Task directions
Take the records below and retype them line by line, from the first line through the one containing "Definition primeX (U"; stop there.

Records for the exercise
*** Block opens ***

(* If $\mathbf{H}=(H,\le,\wedge,\vee,0,1,\to)$ is a Heyting algebra, then its canonical frame $(X,\perp,Y,T)$ is a Heyting frame.
   Context: The canonical frame of $\mathbf H$: $X$ is the set of filters of $\mathbf H$, $Y$ the set of ideals, $x\perp y$ iff $x\cap y\neq\emptyset$; for $x\in X,v\in Y$, $x\leadsto v$ is the ideal generated by $\{a\to b:a\in x,b\in v\}$, and $yTxv$ iff $x\leadsto v\subseteq y$. General notions: $U'=\{y:\forall x\in U\ x\perp y\}$ for $U\subseteq X$, ${}'V=\{x:\forall y\in V\ x\perp y\}$ for $V\subseteq Y$; $A\subseteq X$ is stable if $A={}'(A')$, $B\subseteq Y$ co-stable if $B=({}'B)'$. Preorders: $x\le z$ iff $\{x\}'\subseteq\{z\}'$; $y\le v$ iff ${}'\{y\}\subseteq{}'\{v\}$; separated means both are partial orders; $\Gamma u$ is the set of elements above $u$. $T'\subseteq X\times X\times Y$: $uT'xv$ iff $\forall y(yTxv\Rightarrow u\perp y)$. An implicative frame is $(X,\perp,Y,T)$ with: (F0) $x\perp y$ iff $uT'xy$ for all $u\in X$; (F1) separated; (F2) each $\{y:yTxv\}$ equals $\Gamma w$ for some $w\in Y$; (F3) if $yTxv$, $x_1\le x$, $v_1\le v$ then $yTx_1v_1$; (F4) for all $u,x\in X,v\in Y$, $\{x_1:uT'x_1v\}$ is stable and $\{v_1:uT'xv_1\}$ is co-stable. Derived relations: $vR^{\partial11}zx$ iff $xT'zv$; $uR^{111}zx$ iff $\forall v\in Y(vR^{\partial11}zx\Rightarrow u\perp v)$. Upper bound relation: $uR_\le xz$ iff $x\le u$ and $z\le u$. A Heyting frame is an implicative frame with $\{u:uR^{111}xz\}=\{u:uR_\le xz\}$ for all $x,z\in X$. *)

From mathcomp Require Import all_boot all_order.
Set Implicit Arguments. Unset Strict Implicit. Unset Printing Implicit Defensive.
Import Order.TTheory.
Local Open Scope order_scope.

Definition heyting_imp d (L : tbLatticeType d) (imp : L -> L -> L) : Prop :=
  forall a b c : L, (a `&` b <= c) = (a <= imp b c).

(** * Generic frame notions, for (X, perp, Y, T) with [T y x v] meaning yTxv. *)
Section Frames.
Variables (X Y : Type) (perp : X -> Y -> Prop) (T : Y -> X -> Y -> Prop).

Definition primeX (U : X -> Prop) : Y -> Prop := fun y => forall x, U x -> perp x y.
Definition primeY (V : Y -> Prop) : X -> Prop := fun x => forall y, V y -> perp x y.

Definition stable (A : X -> Prop) : Prop := forall x, A x <-> primeY (primeX A) x.
Definition costable (B : Y -> Prop) : Prop := forall y, B y <-> primeX (primeY B) y.

Definition leX (x z : X) : Prop := forall y, perp x y -> perp z y.
Definition leY (y v : Y) : Prop := forall x, perp x y -> perp x v.

Definition separated : Prop :=
  (forall x z, leX x z -> leX z x -> x = z) /\
  (forall y v, leY y v -> leY v y -> y = v).

Definition GammaY (w : Y) : Y -> Prop := fun y => leY w y.

Definition Tprime (u x : X) (v : Y) : Prop := forall y, T y x v -> perp u y.

Definition implicative_frame : Prop :=
  (forall x y, perp x y <-> (forall u, Tprime u x y)) /\
  separated /\
  (forall x v, exists w, forall y, T y x v <-> GammaY w y) /\
  (forall y x v x1 v1, T y x v -> leX x1 x -> leY v1 v -> T y x1 v1) /\
  (forall u x v, stable (fun x1 => Tprime u x1 v) /\
                          costable (fun v1 => Tprime u x v1)).

Definition Rd11 (v : Y) (z x : X) : Prop := Tprime x z v.
Definition R111 (u z x : X) : Prop := forall v, Rd11 v z x -> perp u v.
Definition Rle (u x z : X) : Prop := leX x u /\ leX z u.

Definition heyting_frame : Prop :=
  implicative_frame /\ (forall x z u, R111 u x z <-> Rle u x z).
End Frames.

Section Canonical.
Variables (d : Order.disp_t) (L : tbLatticeType d) (imp : L -> L -> L).

Definition is_filter (x : L -> Prop) : Prop :=
  x \top /\ (forall a b, x a -> a <= b -> x b) /\ (forall a b, x a -> x b -> x (a `&` b)).
Definition is_ideal (y : L -> Prop) : Prop :=
  y \bot /\ (forall a b, y b -> a <= b -> y a) /\ (forall a b, y a -> y b -> y (a `|` b)).

Definition filters := {x : L -> Prop | is_filter x}.
Definition ideals := {y : L -> Prop | is_ideal y}.

Definition cperp (x : filters) (y : ideals) : Prop :=
  exists a, proj1_sig x a /\ proj1_sig y a.

Definition gen_ideal (S : L -> Prop) : L -> Prop :=
  fun a => forall I, is_ideal I -> (forall b, S b -> I b) -> I a.

Definition leadsto (x : filters) (v : ideals) : L -> Prop :=
  gen_ideal (fun c => exists a b, proj1_sig x a /\ proj1_sig v b /\ c = imp a b).

Definition cT (y : ideals) (x : filters) (v : ideals) : Prop :=
  forall a, leadsto x v a -> proj1_sig y a.
End Canonical.

From mathcomp Require Import all_boot all_order.
From Stdlib Require Import FunctionalExtensionality PropExtensionality ProofIrrelevance.
Set Implicit Arguments. Unset Strict Implicit. Unset Printing Implicit Defensive.
Import Order.TTheory.
Local Open Scope order_scope.

(* In the canonical frame the preorders on filters and on ideals are inclusion
   (test against principal ideals and filters), which gives separation.  In a
   Heyting algebra the ideal generated by the a -> b (a in x, b in v) is just
   their down-set, so T' u x v holds iff c /\ a <= b for some c in u, a in x,
   b in v.  By residuation this says both that the filter join of u and x
   meets v and that x meets the ideal generated by the c -> b (c in u, b in v).
   Hence the sets of (F4) are of the form {x}' and '{y}, so (co)stable, and
   R^111 u x z says that the filter join of z and x lies in u, i.e. that both
   x and z do. *)

Section FrameFacts.
Variables (X Y : Type) (perp : X -> Y -> Prop) (T : Y -> X -> Y -> Prop).

Lemma stable_perp_r (A : X -> Prop) (y : Y) :
  (forall x, A x <-> perp x y) -> stable perp A.
Proof.
move=> Ay x; split=> [Ax y' Ay'|Ax]; first exact: Ay'.
by apply/Ay/Ax => x' /Ay.
Qed.

Lemma costable_perp_l (B : Y -> Prop) (x : X) :
  (forall y, B y <-> perp x y) -> costable perp B.
Proof.
move=> Bx y; split=> [By x' Bx'|By]; first exact: Bx'.
by apply/Bx/By => y' /Bx.
Qed.

Lemma Tprime_GammaY (u x : X) (v w : Y) :
  (forall y, T y x v <-> GammaY perp w y) -> Tprime perp T u x v <-> perp u w.
Proof.
move=> Tw; split=> [uT|uw y /Tw wy]; last exact: wy.
by apply: uT; apply/Tw => x'.
Qed.

End FrameFacts.

Local Notation "a ∈ x" := (proj1_sig x a) (at level 70, no associativity).

Section CanonicalFrame.
Variables (d : Order.disp_t) (L : tbLatticeType d).
Implicit Types (a b c : L) (x z u : filters L) (y v : ideals L).

Lemma filter1 x : \top ∈ x. Proof. by case: x => ? []. Qed.

Lemma filter_ge x a b : a ∈ x -> a <= b -> b ∈ x.
Proof. by case: x => ? [_ [up _]] /=; apply: up. Qed.

Lemma filterI x a b : a ∈ x -> b ∈ x -> a `&` b ∈ x.
Proof. by case: x => ? [_ [_ meet]] /=; apply: meet. Qed.

Lemma ideal0 y : \bot ∈ y. Proof. by case: y => ? []. Qed.

Lemma ideal_le y a b : b ∈ y -> a <= b -> a ∈ y.
Proof. by case: y => ? [_ [down _]] /=; apply: down. Qed.

Lemma idealU y a b : a ∈ y -> b ∈ y -> a `|` b ∈ y.
Proof. by case: y => ? [_ [_ join]] /=; apply: join. Qed.

Lemma sig_pred_ext (P : (L -> Prop) -> Prop) (p q : {s | P s}) :
  (forall a, proj1_sig p a <-> proj1_sig q a) -> p = q.
Proof.
case: p q => [p Pp] [q Pq] /= pq; apply: subset_eq_compat.
by apply: functional_extensionality => a; apply: propositional_extensionality.
Qed.

Lemma is_filter_principal a : is_filter (fun b => a <= b).
Proof.
split; [exact: lex1 | split=> [b c ab bc | b c ab ac]]; first exact: le_trans bc.
by rewrite lexI ab ac.
Qed.

Lemma is_ideal_principal a : is_ideal (fun b => b <= a).
Proof.
split; [exact: le0x | split=> [b c ca bc | b c ba ca]]; first exact: le_trans ca.
by rewrite leUx ba ca.
Qed.

Definition principal_filter a : filters L := exist _ _ (is_filter_principal a).
Definition principal_ideal a : ideals L := exist _ _ (is_ideal_principal a).

Lemma leX_canonicalE x z : leX (@cperp d L) x z <-> forall a, a ∈ x -> a ∈ z.
Proof.
split=> [xz a xa | xz y [a [xa ya]]]; last by exists a; split; [exact: xz|].
have [b [zb ba]] := xz (principal_ideal a) (ex_intro _ a (conj xa (lexx a))).
exact: filter_ge zb ba.
Qed.

Lemma leY_canonicalE y v : leY (@cperp d L) y v <-> forall a, a ∈ y -> a ∈ v.
Proof.
split=> [yv a ya | yv x [a [xa ya]]]; last by exists a; split; [|exact: yv].
have [b [ab vb]] := yv (principal_filter a) (ex_intro _ a (conj (lexx a) ya)).
exact: ideal_le vb ab.
Qed.

Lemma separated_canonical : separated (@cperp d L).
Proof.
split=> [x z /leX_canonicalE xz /leX_canonicalE zx |
          y v /leY_canonicalE yv /leY_canonicalE vy].
  by apply: sig_pred_ext => a; split; [apply: xz | apply: zx].
by apply: sig_pred_ext => a; split; [apply: yv | apply: vy].
Qed.

Lemma is_filter_join x z :
  is_filter (fun b => exists c a, c ∈ x /\ a ∈ z /\ c `&` a <= b).
Proof.
split; [|split].
- by exists \top, \top; do !split; [exact: filter1 | exact: filter1 | exact: lex1].
- move=> b b' [c [a [xc [za cab]]]] bb'.
  by exists c, a; do !split => //; exact: le_trans bb'.
- move=> b b' [c [a [xc [za cab]]]] [c' [a' [xc' [za' cab']]]].
  exists (c `&` c'), (a `&` a'); do !split; [exact: filterI | exact: filterI |].
  rewrite lexI; apply/andP; split.
  + by apply: le_trans cab; apply: leI2; exact: leIl.
  + by apply: le_trans cab'; apply: leI2; exact: leIr.
Qed.

Definition filter_join x z : filters L := exist _ _ (is_filter_join x z).

Lemma filter_join_subE x z u :
  (forall b, b ∈ filter_join x z -> b ∈ u) <->
  (forall a, a ∈ x -> a ∈ u) /\ (forall a, a ∈ z -> a ∈ u).
Proof.
split=> [xzu | [xu zu] b [c [a [xc [za cab]]]]].
  split=> a ha; apply: xzu.
  - by exists a, \top; do !split; [done | exact: filter1 | exact: leIl].
  - by exists \top, a; do !split; [exact: filter1 | done | exact: leIr].
exact: filter_ge (filterI (xu c xc) (zu a za)) cab.
Qed.

Variables (imp : L -> L -> L) (Himp : heyting_imp imp).

Lemma le_imp a a' b b' : a' <= a -> b <= b' -> imp a b <= imp a' b'.
Proof.
move=> a'a bb'; rewrite -Himp.
have mp : imp a b `&` a <= b by rewrite Himp.
by apply: le_trans (le_trans mp bb'); exact: leI2.
Qed.

Lemma is_ideal_imp x v :
  is_ideal (fun c => exists a b, a ∈ x /\ b ∈ v /\ c <= imp a b).
Proof.
split; [|split].
- by exists \top, \bot; do !split; [exact: filter1 | exact: ideal0 | exact: le0x].
- move=> c c' [a [b [xa [vb c'ab]]]] cc'.
  by exists a, b; do !split => //; exact: le_trans c'ab.
- move=> c c' [a [b [xa [vb cab]]]] [a' [b' [xa' [vb' cab']]]].
  exists (a `&` a'), (b `|` b'); do !split; [exact: filterI | exact: idealU |].
  rewrite leUx; apply/andP; split.
  + by apply: le_trans cab _; apply: le_imp; [exact: leIl | exact: leUl].
  + by apply: le_trans cab' _; apply: le_imp; [exact: leIr | exact: leUr].
Qed.

Definition imp_ideal x v : ideals L := exist _ _ (is_ideal_imp x v).

Lemma leadsto_imp_idealE x v c : leadsto imp x v c <-> c ∈ imp_ideal x v.
Proof.
split=> [gen | [a [b [xa [vb cab]]]] I HI HS].
  by apply: gen; [exact: is_ideal_imp | move=> _ [a [b [xa [vb ->]]]]; exists a, b].
by case: HI => _ [down _]; apply: down cab; apply: HS; exists a, b.
Qed.

Lemma cT_GammaY x v y : cT imp y x v <-> GammaY (@cperp d L) (imp_ideal x v) y.
Proof.
rewrite /GammaY leY_canonicalE.
by split=> xv a /leadsto_imp_idealE; apply: xv.
Qed.

Lemma Tprime_canonicalE u x v :
  Tprime (@cperp d L) (cT imp) u x v <->
  exists c a b, c ∈ u /\ a ∈ x /\ b ∈ v /\ c `&` a <= b.
Proof.
rewrite (Tprime_GammaY u (cT_GammaY x v)).
split=> [[c [uc [a [b [xa [vb cab]]]]]] | [c [a [b [uc [xa [vb cab]]]]]]].
  by exists c, a, b; rewrite Himp.
by exists c; split=> //; exists a, b; rewrite -Himp.
Qed.

Lemma Tprime_perp_join u x v :
  Tprime (@cperp d L) (cT imp) u x v <-> cperp (filter_join u x) v.
Proof.
rewrite Tprime_canonicalE.
split=> [[c [a [b [uc [xa [vb cab]]]]]] | [b [[c [a [uc [xa cab]]]] vb]]].
  by exists b; split=> //; exists c, a.
by exists c, a, b.
Qed.

Lemma Tprime_perp_imp u x v :
  Tprime (@cperp d L) (cT imp) u x v <-> cperp x (imp_ideal u v).
Proof.
rewrite Tprime_canonicalE.
split=> [[c [a [b [uc [xa [vb cab]]]]]] | [a [xa [c [b [uc [vb acb]]]]]]].
  by exists a; split=> //; exists c, b; rewrite -Himp meetC.
by exists c, a, b; rewrite meetC Himp.
Qed.

Lemma perp_Tprime_allE x y :
  cperp x y <-> forall u, Tprime (@cperp d L) (cT imp) u x y.
Proof.
split=> [[a [xa ya]] u | Tall].
  apply/Tprime_canonicalE; exists \top, a, a.
  by do !split=> //; [exact: filter1 | exact: leIr].
have /Tprime_canonicalE [c [a [b [topc [xa [yb cab]]]]]] := Tall (principal_filter \top).
have ab : a <= b by apply: le_trans cab; rewrite lexI lexx andbT; exact: le_trans topc.
by exists b; split=> //; exact: filter_ge xa ab.
Qed.

Lemma cT_antitone y x v x1 v1 :
  cT imp y x v -> leX (@cperp d L) x1 x -> leY (@cperp d L) v1 v -> cT imp y x1 v1.
Proof.
move=> yxv /leX_canonicalE x1x /leY_canonicalE v1v c.
move=> /leadsto_imp_idealE [a [b [x1a [v1b cab]]]].
by apply/yxv/leadsto_imp_idealE; exists a, b; do !split; [exact: x1x | exact: v1v |].
Qed.

Lemma canonical_implicative_frame : implicative_frame (@cperp d L) (cT imp).
Proof.
split; first exact: perp_Tprime_allE.
split; first exact: separated_canonical.
split; first by move=> x v; exists (imp_ideal x v) => y; exact: cT_GammaY.
split; first exact: cT_antitone.
move=> u x v; split.
  exact: (stable_perp_r (y := imp_ideal u v) (Tprime_perp_imp u ^~ v)).
exact: (costable_perp_l (x := filter_join u x) (Tprime_perp_join u x)).
Qed.

Lemma R111_canonicalE x z u :
  R111 (@cperp d L) (cT imp) u x z <-> Rle (@cperp d L) u x z.
Proof.
have joinE :
    R111 (@cperp d L) (cT imp) u x z <-> leX (@cperp d L) (filter_join z x) u.
  by split=> zxu v /Tprime_perp_join; apply: zxu.
by rewrite joinE /Rle !leX_canonicalE filter_join_subE and_comm.
Qed.

End CanonicalFrame.

Theorem proposition4p5 (d : Order.disp_t) (L : tbLatticeType d)
    (imp : L -> L -> L) (Himp : heyting_imp imp) :
  heyting_frame (@cperp d L) (@cT d L imp).
Proof.
split; first exact: canonical_implicative_frame.
exact: R111_canonicalE.
Qed.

*** Block closes ***

Response area
(* If $\mathbf{H}=(H,\le,\wedge,\vee,0,1,\to)$ is a Heyting algebra, then its canonical frame $(X,\perp,Y,T)$ is a Heyting frame.
   Context: The canonical frame of $\mathbf H$: $X$ is the set of filters of $\mathbf H$, $Y$ the set of ideals, $x\perp y$ iff $x\cap y\neq\emptyset$; for $x\in X,v\in Y$, $x\leadsto v$ is the ideal generated by $\{a\to b:a\in x,b\in v\}$, and $yTxv$ iff $x\leadsto v\subseteq y$. General notions: $U'=\{y:\forall x\in U\ x\perp y\}$ for $U\subseteq X$, ${}'V=\{x:\forall y\in V\ x\perp y\}$ for $V\subseteq Y$; $A\subseteq X$ is stable if $A={}'(A')$, $B\subseteq Y$ co-stable if $B=({}'B)'$. Preorders: $x\le z$ iff $\{x\}'\subseteq\{z\}'$; $y\le v$ iff ${}'\{y\}\subseteq{}'\{v\}$; separated means both are partial orders; $\Gamma u$ is the set of elements above $u$. $T'\subseteq X\times X\times Y$: $uT'xv$ iff $\forall y(yTxv\Rightarrow u\perp y)$. An implicative frame is $(X,\perp,Y,T)$ with: (F0) $x\perp y$ iff $uT'xy$ for all $u\in X$; (F1) separated; (F2) each $\{y:yTxv\}$ equals $\Gamma w$ for some $w\in Y$; (F3) if $yTxv$, $x_1\le x$, $v_1\le v$ then $yTx_1v_1$; (F4) for all $u,x\in X,v\in Y$, $\{x_1:uT'x_1v\}$ is stable and $\{v_1:uT'xv_1\}$ is co-stable. Derived relations: $vR^{\partial11}zx$ iff $xT'zv$; $uR^{111}zx$ iff $\forall v\in Y(vR^{\partial11}zx\Rightarrow u\perp v)$. Upper bound relation: $uR_\le xz$ iff $x\le u$ and $z\le u$. A Heyting frame is an implicative frame with $\{u:uR^{111}xz\}=\{u:uR_\le xz\}$ for all $x,z\in X$. *)

From mathcomp Require Import all_boot all_order.
Set Implicit Arguments. Unset Strict Implicit. Unset Printing Implicit Defensive.
Import Order.TTheory.
Local Open Scope order_scope.

Definition heyting_imp d (L : tbLatticeType d) (imp : L -> L -> L) : Prop :=
  forall a b c : L, (a `&` b <= c) = (a <= imp b c).

(** * Generic frame notions, for (X, perp, Y, T) with [T y x v] meaning yTxv. *)
Section Frames.
Variables (X Y : Type) (perp : X -> Y -> Prop) (T : Y -> X -> Y -> Prop).

Definition primeX (U : X -> Prop) : Y -> Prop := fun y => forall x, U x -> perp x y.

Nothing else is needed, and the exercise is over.